The best case would be to write the string once, so I thought of a string table placed at the end of the file, each string is stored with an unique integer key. I haven't found any stardardized implementation of a string table so I've made my own.

I've made a struct that implements a dynamic set of entries, each entry contains the string with his hash and a generated unique key.
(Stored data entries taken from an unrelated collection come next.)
Lemma preserves_bincoproduct (H : Functor C) :
  preserves_countable_coproducts C H ->
  forall B1 B2 S (m1 : Hom B1 S) (m2 : Hom B2 S), is_bincoproduct C B1 B2 S m1 m2 ->
  is_bincoproduct C (H B1) (H B2) (H S) (Fmor H m1) (Fmor H m2).
Proof.
  intros HP B1 B2 S m1 m2 Hb.
  exact (bool_coproduct_bincoproduct _ _ _
           (HP bool countable_bool _ _ _ (bincoproduct_bool_coproduct _ _ _ _ _ Hb))).
Qed.

Section CountableCoproducts.
Hypothesis HCC : has_countable_coproducts C.

Lemma bincoproduct_exists (B1 B2 : C) : exists S m1 m2, is_bincoproduct C B1 B2 S m1 m2.
Proof.
  destruct (HCC bool countable_bool (bool_family B1 B2)) as [S [inj Hc]].
  exists S, (inj true), (inj false). exact (bool_coproduct_bincoproduct _ _ _ Hc).
Qed.

(* The complement of [m ∘ n] is the coproduct of the two complements. *)
Lemma bincoproduct_inl_comp B B' S (m : Hom B S) (m' : Hom B' S)
  D D' (n : Hom D B) (n' : Hom D' B) :
  is_bincoproduct C B B' S m m' -> is_bincoproduct C D D' B n n' ->
  exists Q c, is_bincoproduct C D Q S (m ∘ n) c.
Proof.
  intros Hb1 Hb2. destruct (bincoproduct_exists D' B') as [Q [k1 [k2 Hk]]].
  destruct (Hk S (m ∘ n') m') as [c [[Ec1 Ec2] _]].
  exists Q, c. intros X f1 f2.
  destruct (Hb2 X f1 (f2 ∘ k1)) as [g [[Eg1 Eg2] Hgu]].
  destruct (Hb1 X g (f2 ∘ k2)) as [h [[Eh1 Eh2] Hhu]].
  exists h. split; [split|].
  - rewrite comp_assoc, Eh1. exact Eg1.
  - apply (bincoproduct_hom_ext _ _ _ _ _ Hk).
    + rewrite <- comp_assoc, Ec1, comp_assoc, Eh1. exact Eg2.
    + rewrite <- comp_assoc, Ec2. exact Eh2.
  - intros h' [E1 E2]. apply Hhu. split.
    + symmetry. apply Hgu. split.
      * rewrite <- comp_assoc. exact E1.
      * rewrite <- comp_assoc, <- Ec1, comp_assoc, E2. reflexivity.
    + rewrite <- Ec2, comp_assoc, E2. reflexivity.
Qed.

End CountableCoproducts.

Section UniversalCoproducts.
Hypothesis HU : universal_coproducts C.

(* Pull back the empty coproduct along [g]. *)
Lemma initial_strict D S (g : Hom D S) : is_initial C S -> is_initial C D.
Proof.
  intros HS.
  set (E := fun i : Empty_set => match i return C with end).
  assert (Hc : is_coproduct C E S (fun i => match i with end)).
  { intros X f. destruct (HS X) as [h [_ Hu]]. exists h. split; [intros []|].
    intros h' _. apply Hu. exact I. }
  destruct (HU Empty_set countable_Empty_set E S _ Hc D g) as [_ Hpb].
  assert (Hd := Hpb E (fun i => match i with end) (fun i => match i with end)
                    (fun i => match i with end)).
  intros X. destruct (Hd X (fun i => match i with end)) as [h [_ Hu]].
  exists h. split; [exact I|]. intros h' _. apply Hu. intros [].
Qed.

Lemma bincoproduct_pullback B1 B2 S (m1 : Hom B1 S) (m2 : Hom B2 S) :
  is_bincoproduct C B1 B2 S m1 m2 ->
  forall D (g : Hom D S), exists P1 P2 (r1 : Hom P1 B1) (r2 : Hom P2 B2) q1 q2,
    is_pullback C m1 g P1 r1 q1 /\ is_pullback C m2 g P2 r2 q2 /\
    is_bincoproduct C P1 P2 D q1 q2.
Proof.
  intros Hb D g.
  destruct (HU bool countable_bool _ _ _ (bincoproduct_bool_coproduct _ _ _ _ _ Hb) D g)
    as [Hex Hcop].
  destruct (Hex true) as [P1 [r1 [q1 Hp1]]]. destruct (Hex false) as [P2 [r2 [q2 Hp2]]].
  exists P1, P2, r1, r2, q1, q2. split; [exact Hp1|]. split; [exact Hp2|].
  apply (bool_coproduct_bincoproduct (bool_family P1 P2) _ (bool_inj q1 q2)).
  apply (Hcop _ (fun b => match b return Hom (bool_family P1 P2 b) (bool_family B1 B2 b)
                          with true => r1 | false => r2 end)).
  intros [|]; assumption.
Qed.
The hash algorithm is really stupid, it adds the first 50 characters into one big number and collision are handled by comparing two strings with matching hashes, it's good enough.

the structure looks like this:

struct sentry_s
{
    char *value;
    uint32_t key, key_hash;
    size_t use_count; // when hit zero entry is removed.
}

// a SET that store unique strings with a key.
struct stable_s
{
    struct sentry_s *entries;
    size_t count, capacity;
}

// actual func names are longer, ofc.
struct sentry_s* tput (struct stable_s *table, char *string);
struct sentry_s* tget (struct stable_s *table, uint32_t key);
void trem (struct stable_s *table, uint32_t key);

I do really like this structure because I can use binary search to increase speed for one of these things:

  • Order the array by keys will increase reading and erase speed by his key.
  • Order the array by hash will increase inserting speed by the string value.
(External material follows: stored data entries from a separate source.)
Lemma is_derive0_cvg (F : set_system R) {FF : ProperFilter F} f l :
  (forall x, is_derive x 1 f 0) -> f x @[x --> F] --> l -> forall x, f x = l.
Proof.
move=> df fl x; have fE : f = cst (f x) by apply/funext => y; exact: is_derive_0_is_cst.
by rewrite fE in fl; exact: cvg_unique (cvg_cst _) fl.
Qed.

Lemma is_derive_le0_cvg f (df : R -> R) l :
  (forall x, is_derive x 1 f (df x)) -> (forall x, df x <= 0) ->
  f x @[x --> +oo] --> l -> f x @[x --> -oo] --> l -> forall x, f x = l.
Proof.
move=> fdf df_le0 flp flm x.
have nincr y z : y <= z -> f z <= f y.
  move=> yz; apply: (@ler0_derive1_le_cc _ f y z) => //; rewrite ?in_itv/= ?lexx ?yz//.
  - by move=> t _; rewrite derive1E derive_val.
  - exact/continuous_subspaceT/derivable1_continuous => t; case: (fdf t).
apply/eqP; rewrite eq_le; apply/andP; split.
- by apply: (cvgr_to_ge flm); near=> y; apply: nincr.
- by apply: (cvgr_to_le flp); near=> y; apply: nincr.
Unshelve. all: end_near.
Qed.

End real_derivative.

Section dotv.
Variables (R : realType) (N : nat).
Implicit Types (a b v : 'rV[R]_N).

Lemma dotvDl a b v : dotv (a + b) v = dotv a v + dotv b v.
Proof. by rewrite /dotv -big_split; apply: eq_bigr => i _; rewrite mxE mulrDl. Qed.

Lemma dotvZl (r : R) a v : dotv (r *: a) v = r * dotv a v.
Proof. by rewrite /dotv mulr_sumr; apply: eq_bigr => i _; rewrite mxE mulrA. Qed.

Lemma dotv0l v : dotv 0 v = 0.
Proof. by rewrite -(scale0r 0) dotvZl mul0r. Qed.

Lemma dotv_cvg (T : Type) (F : set_system T) {FF : Filter F} (f : T -> 'rV[R]_N) a v :
  f x @[x --> F] --> a -> dotv (f x) v @[x --> F] --> dotv a v.
Proof.
move=> fa; apply: cvg_big => [|i _]; first exact: add_continuous.
by apply: cvgMr_tmp; apply: (continuous_cvg _ (@coord_continuous R 1 N ord0 i a)).
Qed.

Lemma is_derive_coord (f : R -> 'rV[R]_N) (x : R) (df : 'rV[R]_N) (i : 'I_N) :
  is_derive x 1 f df -> is_derive x 1 (fun y => f y ord0 i) (df ord0 i).
Proof.
move=> [fx <-]; have /derivable_mxP dfij := fx.
by apply: DeriveDef; [exact: dfij | rewrite derive_mx // mxE].
Qed.

Lemma is_derive_dotv (f : R -> 'rV[R]_N) (x : R) (df v : 'rV[R]_N) :
  is_derive x 1 f df -> is_derive x 1 (fun y => dotv (f y) v) (dotv df v).
Proof.
move=> fx; rewrite /dotv.
have := @is_derive_sum _ _ _ N (fun i y => f y ord0 i * v ord0 i) x 1
  (fun i => df ord0 i * v ord0 i).
rewrite fct_sumE; apply => i.
apply: is_derive_eq (is_deriveM (is_derive_coord i fx) (is_derive_cst (v ord0 i) x 1)) _.
by rewrite scaler0 add0r mulrC.
Qed.

Lemma is_derive0_cvg_rV (F : set_system R) {FF : ProperFilter F}
    (f : R -> 'rV[R]_N) (l : 'rV[R]_N) :
  (forall x : R, is_derive x 1 f 0) -> f x @[x --> F] --> l -> forall x, f x = l.
Proof.
move=> df fl x; apply/rowP => i.
apply: (is_derive0_cvg _ (continuous_cvg _ (@coord_continuous R 1 N ord0 i l) fl)) => y.
by apply: is_derive_eq (is_derive_coord i (df y)) _; rewrite mxE.
Qed.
I want to increase reading speed to prioritize the game loading these levels.

The question

I came here to ask if there is a better implementation for a string table, what would other devs do? Do exists papers that specify a standardized string table? Could this structure be improved to be both fast at reading and writing?

I'm interested on the topic and it's not the first time I've seen the use string tables, for example compiled code have a string table for static strings.

The actual question: Is the above diatribe from:

  1. Markov chain
  2. Generative AI
  3. College Dare bet .

I'm developing a C library to write a custom binary format to store levels for a game.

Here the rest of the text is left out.